Step 4: Ridiculous Optimization
If you look a little closer at the code you'll see a possible optimization. Instead of sending a subscription message to signal presence, how about an unsubscription message?
It's a great idea except (at time of writing), XPUB sockets don't verbosely send you unsubscribe messages. There are reasons for this (there are always reasons, he said darkly, to no-one in particular) but it's minor. Perfection is, sometimes, just a waste of time, and sending subscribe messages seems fine.
Step 5: Robustness
The Meerkat example will occasionally fail in the real world because it doesn't distinguish between a subscriber saying "I'm here" for the first time from one who comes back several times.
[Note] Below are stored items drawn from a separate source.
(* Entries indexed by [nat], so that after [mx4M] each entry of a product is an
   explicit polynomial in the entries of the factors, ready for [ring]. *)
Definition mx4 (f : nat -> nat -> R) : 'M[R]_4 := \matrix_(i < 4, j < 4) f i j.

Lemma mx4M f g : mx4 f * mx4 g =
  mx4 (fun i j => f i 0%N * g 0%N j + f i 1%N * g 1%N j
                  + f i 2%N * g 2%N j + f i 3%N * g 3%N j).
Proof.
apply/matrixP => i j; rewrite -mulmxE !mxE !big_ord_recl big_ord0 !mxE /=.
by rewrite addr0 !addrA.
Qed.

Lemma mx4D f g : mx4 f + mx4 g = mx4 (fun i j => f i j + g i j).
Proof. by apply/matrixP => i j; rewrite !mxE. Qed.

Lemma mx4N f : - mx4 f = mx4 (fun i j => - f i j).
Proof. by apply/matrixP => i j; rewrite !mxE. Qed.

Lemma mx4Z a f : a *: mx4 f = mx4 (fun i j => a * f i j).
Proof. by apply/matrixP => i j; rewrite !mxE. Qed.

Lemma mx4_0 : 0 = mx4 (fun _ _ => 0).
Proof. by apply/matrixP => i j; rewrite !mxE. Qed.

Lemma mx4_1 : 1 = mx4 (fun i j => (i == j)%:R).
Proof. by apply/matrixP => i j; rewrite !mxE. Qed.

Lemma eu_mx4 (a b : nat) : (a < 4)%N -> (b < 4)%N ->
  eu R (inord a) (inord b) = mx4 (fun i j => ((i == a) && (j == b))%:R).
Proof.
by move=> a_lt4 b_lt4; apply/matrixP => i j; rewrite !mxE -!val_eqE /= !inordK.
Qed.

Lemma pairCv_mx4 (C : 'M[R]_3) v : pairCv C v =
  mx4 (fun i j => if (i < 3)%N && (j < 3)%N then C (inord i) (inord j)
                  else if (i == 3%N) && (j == 3%N) then expR v else 0).
Proof.
apply/matrixP => i j; rewrite [RHS]mxE /pairCv.
rewrite -[i](@splitK 3 1) -[j](@splitK 3 1).
case: (@fintype.split 3 1 i) => a; case: (@fintype.split 3 1 j) => c;
  rewrite /block_mx !(mxE, unsplitK) /=.
- by rewrite !ltn_ord !inord_val.
- have -> : (3 + c < 3)%N = false by rewrite ltnNge leq_addr.
  by rewrite andbF /= (ltn_eqF (ltn_ord a)).
- by rewrite (ltn_eqF (ltn_ord c)) andbF.
- by case: a => [[|a] ?] //; case: c => [[|c] ?] //=; rewrite mulr1n.
Qed.

Lemma eq_mx4 f g :
  f 0%N 0%N = g 0%N 0%N -> f 0%N 1%N = g 0%N 1%N ->
  f 0%N 2%N = g 0%N 2%N -> f 0%N 3%N = g 0%N 3%N ->
  f 1%N 0%N = g 1%N 0%N -> f 1%N 1%N = g 1%N 1%N ->
  f 1%N 2%N = g 1%N 2%N -> f 1%N 3%N = g 1%N 3%N ->
  f 2%N 0%N = g 2%N 0%N -> f 2%N 1%N = g 2%N 1%N ->
  f 2%N 2%N = g 2%N 2%N -> f 2%N 3%N = g 2%N 3%N ->
  f 3%N 0%N = g 3%N 0%N -> f 3%N 1%N = g 3%N 1%N ->
  f 3%N 2%N = g 3%N 2%N -> f 3%N 3%N = g 3%N 3%N ->
  mx4 f = mx4 g.
Proof.
move=> *; apply/matrixP => i j; rewrite !mxE.
by case: i => [[|[|[|[|i]]]] ?] //; case: j => [[|[|[|[|j]]]] ?].
Qed.

Lemma E1_mx4 : E1 R =
  mx4 (fun i j => ((i == 2%N) && (j == 1%N))%:R - ((i == 1%N) && (j == 2%N))%:R).
Proof. by rewrite /E1 !eu_mx4 // mx4N mx4D. Qed.

Lemma E2_mx4 : E2 R =
  mx4 (fun i j => ((i == 0%N) && (j == 2%N))%:R - ((i == 2%N) && (j == 0%N))%:R).
Proof. by rewrite /E2 !eu_mx4 // mx4N mx4D. Qed.

Lemma E3_mx4 : E3 R =
  mx4 (fun i j => ((i == 1%N) && (j == 0%N))%:R - ((i == 0%N) && (j == 1%N))%:R).
Proof. by rewrite /E3 !eu_mx4 // mx4N mx4D. Qed.

Lemma E4_mx4 : E4 R = mx4 (fun i j => ((i == 3%N) && (j == 3%N))%:R).
Proof. by rewrite /E4 !eu_mx4. Qed.

End Coordinates.

Section SO3xR.
Context {R : realType}.

Definition so3 (a1 a3 b : R) : 'M[R]_4 := a1 *: E1 R + a3 *: E2 R + b *: E3 R.

Lemma so3_cube a1 a3 b :
  so3 a1 a3 b ^+ 3 = - (a1 ^+ 2 + a3 ^+ 2 + b ^+ 2) *: so3 a1 a3 b.
Proof.
rewrite [_ ^+ 3]exprS expr2 /so3 E1_mx4 E2_mx4 E3_mx4.
by rewrite !(mx4Z, mx4D, mx4M); apply: eq_mx4 => /=; ring.
Qed.

Lemma so3_E4 a1 a3 b : so3 a1 a3 b * E4 R = 0.
Proof.
rewrite mx4_0 /so3 E1_mx4 E2_mx4 E3_mx4 E4_mx4 !(mx4Z, mx4D, mx4M).
by apply: eq_mx4 => /=; ring.
Qed.

Lemma E4_so3 a1 a3 b : E4 R * so3 a1 a3 b = 0.
Proof.
rewrite mx4_0 /so3 E1_mx4 E2_mx4 E3_mx4 E4_mx4 !(mx4Z, mx4D, mx4M).
by apply: eq_mx4 => /=; ring.
Qed.

Lemma E4_idem : E4 R * E4 R = E4 R.
Proof. by rewrite E4_mx4 mx4M; apply: eq_mx4 => /=; ring. Qed.

Lemma so3_001 : so3 0 0 1 = E3 R.
Proof. by rewrite /so3 !scale0r !add0r scale1r. Qed.

Lemma mexp_E3_E4 s q : mexp (s *: E3 R + q *: E4 R) =
  1 + sin s *: E3 R + (1 - cos s) *: E3 R ^+ 2 + (expR q - 1) *: E4 R.
Proof.
have cube : so3 0 0 1 ^+ 3 = - 1 ^+ 2 *: so3 0 0 1.
  by rewrite so3_cube expr0n /= !add0r.
have := mexp_rodrigues (oner_neq0 R) cube E4_idem (so3_E4 0 0 1) (E4_so3 0 0 1) s q.
by rewrite so3_001 !mul1r expr1n !divr1.
Qed.

Lemma mexp_E3 s : mexp (s *: E3 R) = 1 + sin s *: E3 R + (1 - cos s) *: E3 R ^+ 2.
Proof.
by have := mexp_E3_E4 s 0; rewrite scale0r !addr0 expR0 subrr scale0r addr0.
Qed.

Lemma generator_so3_E4 a1 a2 a3 b t :
  t *: (a1 *: e1 R + a2 *: e2 R + a3 *: e3 R + b *: e4 R) =
  t *: so3 a1 a3 b + (a2 * t) *: E4 R.
Proof. by apply/matrixP => i j; rewrite /e1 /e2 /e3 /e4 /so3 !mxE; ring. Qed.

End SO3xR.

Section Geodesic.
Context {R : realType}.
Variables a1 a2 a3 b : R.
Hypothesis unit_alpha : a1 ^+ 2 + a2 ^+ 2 + a3 ^+ 2 = 1.

Lemma sqr_w2 : w2 a2 b ^+ 2 = a1 ^+ 2 + a3 ^+ 2 + b ^+ 2.
Proof.
have a1_sqr := sqr_ge0 a1; have a3_sqr := sqr_ge0 a3; have b_sqr := sqr_ge0 b.
by rewrite /w2 sqr_sqrtr; move: unit_alpha; lra.
Qed.

Lemma w2_neq0 : a2 != 1 -> a2 != -1 -> w2 a2 b != 0.
Proof.
move=> a2_neq1 a2_neqN1.
have : a2 ^+ 2 != 1 by rewrite sqrf_eq1 negb_or a2_neq1.
rewrite -sqrf_eq0 sqr_w2 neq_lt => /orP a2_sqr; apply: lt0r_neq0.
have a1_sqr := sqr_ge0 a1; have a3_sqr := sqr_ge0 a3; have b_sqr := sqr_ge0 b.
by move: unit_alpha; case: a2_sqr; lra.
Qed.

Lemma gamma2_generic t : a2 != 1 -> a2 != -1 ->
  gamma2 a1 a2 a3 b t = pairCv (Cmat a1 a2 a3 b t) (a2 * t).
Proof.
move=> a2_neq1 a2_neqN1.
have cube : so3 a1 a3 b ^+ 3 = - w2 a2 b ^+ 2 *: so3 a1 a3 b.
  by rewrite so3_cube sqr_w2.
have := mexp_rodrigues (w2_neq0 a2_neq1 a2_neqN1) cube E4_idem
  (so3_E4 a1 a3 b) (E4_so3 a1 a3 b) t (a2 * t).
rewrite /gamma2 generator_so3_E4 => ->; rewrite /e4 mexp_E3 sinN cosN.
rewrite pairCv_mx4 !expr2 mulmxE /so3 E1_mx4 E2_mx4 E3_mx4 E4_mx4 mx4_1.
rewrite !(mx4Z, mx4D, mx4M) /Cmat /mu2 /nu2 (mulrC t b).
by apply: eq_mx4 => /=; rewrite ?mxE ?inordK //=; ring.
Qed.

Lemma gamma2_vertical t : a2 = 1 \/ a2 = -1 ->
  gamma2 a1 a2 a3 b t = pairCv 1%:M (a2 * t).
Proof.
move=> a2_pm1.
have a2_sqr : a2 ^+ 2 = 1 by case: a2_pm1 => ->; rewrite ?sqrrN expr1n.
have : a1 ^+ 2 + a3 ^+ 2 == 0 by apply/eqP; move: unit_alpha; lra.
rewrite paddr_eq0 ?sqr_ge0 // !sqrf_eq0 => /andP[/eqP a1_0 /eqP a3_0].
rewrite /gamma2 generator_so3_E4 a1_0 a3_0.
have -> : t *: so3 0 0 b = (t * b) *: E3 R by rewrite /so3 !scale0r !add0r scalerA.
rewrite mexp_E3_E4 /e4 mexp_E3 sinN cosN.
rewrite pairCv_mx4 !expr2 mulmxE E3_mx4 E4_mx4 mx4_1 !(mx4Z, mx4D, mx4M).
have cos2_sin2 := cos2Dsin2 (t * b).
by apply: eq_mx4 => /=; rewrite ?mxE -?val_eqE /= ?inordK //= ?mul1r; lra.
Qed.

End Geodesic.

Theorem theorem7 (R : realType) (a1 a2 a3 b : R) :
  a1 ^+ 2 + a2 ^+ 2 + a3 ^+ 2 = 1 ->
  (a2 != 1 -> a2 != -1 ->
     forall t : R, gamma2 a1 a2 a3 b t = pairCv (Cmat a1 a2 a3 b t) (a2 * t)) /\
  (a2 = 1 \/ a2 = -1 ->
     forall t : R, gamma2 a1 a2 a3 b t = pairCv 1%:M (a2 * t)).
Proof.
move=> unit_alpha; split=> [a2_neq1 a2_neqN1 t | a2_pm1 t].
- exact: gamma2_generic.
- exact: gamma2_vertical.
Qed.
(* For three players whose utility functions satisfy the nonnegativity, Lipschitz and monotonicity conditions described in the context, an $\epsilon$ envy-free solution (in the discrete sense described in the context) can be found in time $O(\log^2(K/\epsilon))$.
   Context: Three players $0,1,2$ have utility functions $u_i$ on Borel subsets of $[0,1]$ satisfying: (nonnegativity) $u_i(\emptyset)=0$ and $u_i(A)>0$ for nonempty pieces (intervals of positive length); (Lipschitz) $u_i([x,y])\le K|y-x|$ for every interval $[x,y]\subseteq[0,1]$; (monotonicity) $u_i(B)\le u_i(A)$ whenever $B\subseteq A$ (e.g. $u_i$ is a measure). Let $N=\lceil K/\epsilon\rceil$. A 2-cut is an integer vector $(x_0,x_1,x_2)$ with $x_j\ge0$, $x_0+x_1+x_2=N$, cutting $[0,1]$ into pieces $[0,x_0/N]$, $[x_0/N,(x_0+x_1)/N]$, $[(x_0+x_1)/N,1]$, indexed $0,1,2$. For a cut $x$, $P_i(x)$ denotes the index of the piece of $x$ of maximum utility for player $i$; it is assumed (non-degeneracy) that this maximizer is unique. The utilities (equivalently, the choices $P_i$) are accessed via queries. Two cuts $x,y$ are adjacent if $|x_i-y_i|\le 1$ for $i=1,2$. An $\epsilon$ envy-free solution is a set $\{x^{(0)},x^{(1)},x^{(2)}\}$ of pairwise adjacent 2-cuts together with a permutation $\pi$ of $\{0,1,2\}$ such that for every player $i$ there is $j$ with $P_i(x^{(j)})=\pi(i)$. *)

From HB Require Import structures.
From mathcomp Require Import all_boot all_order all_algebra all_fingroup.
From mathcomp Require Import all_classical all_reals all_analysis.
Set Implicit Arguments. Unset Strict Implicit. Unset Printing Implicit Defensive.
Import Order.TTheory GRing.Theory Num.Theory.
Local Open Scope classical_set_scope.
Local Open Scope ring_scope.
We're basically counting the heads that pop-up, not the bodies that are really present on the field. The same head can pop-up over and over, and like idiots we'll count it multiple times.
There's an answer—there always is—but it makes things more complex. Each subscriber has to identify itself uniquely and the server has to track this. Subscribers could for instance send a UUID as part of their "special" subscription. The server would track these in a hash table, and count only new entries.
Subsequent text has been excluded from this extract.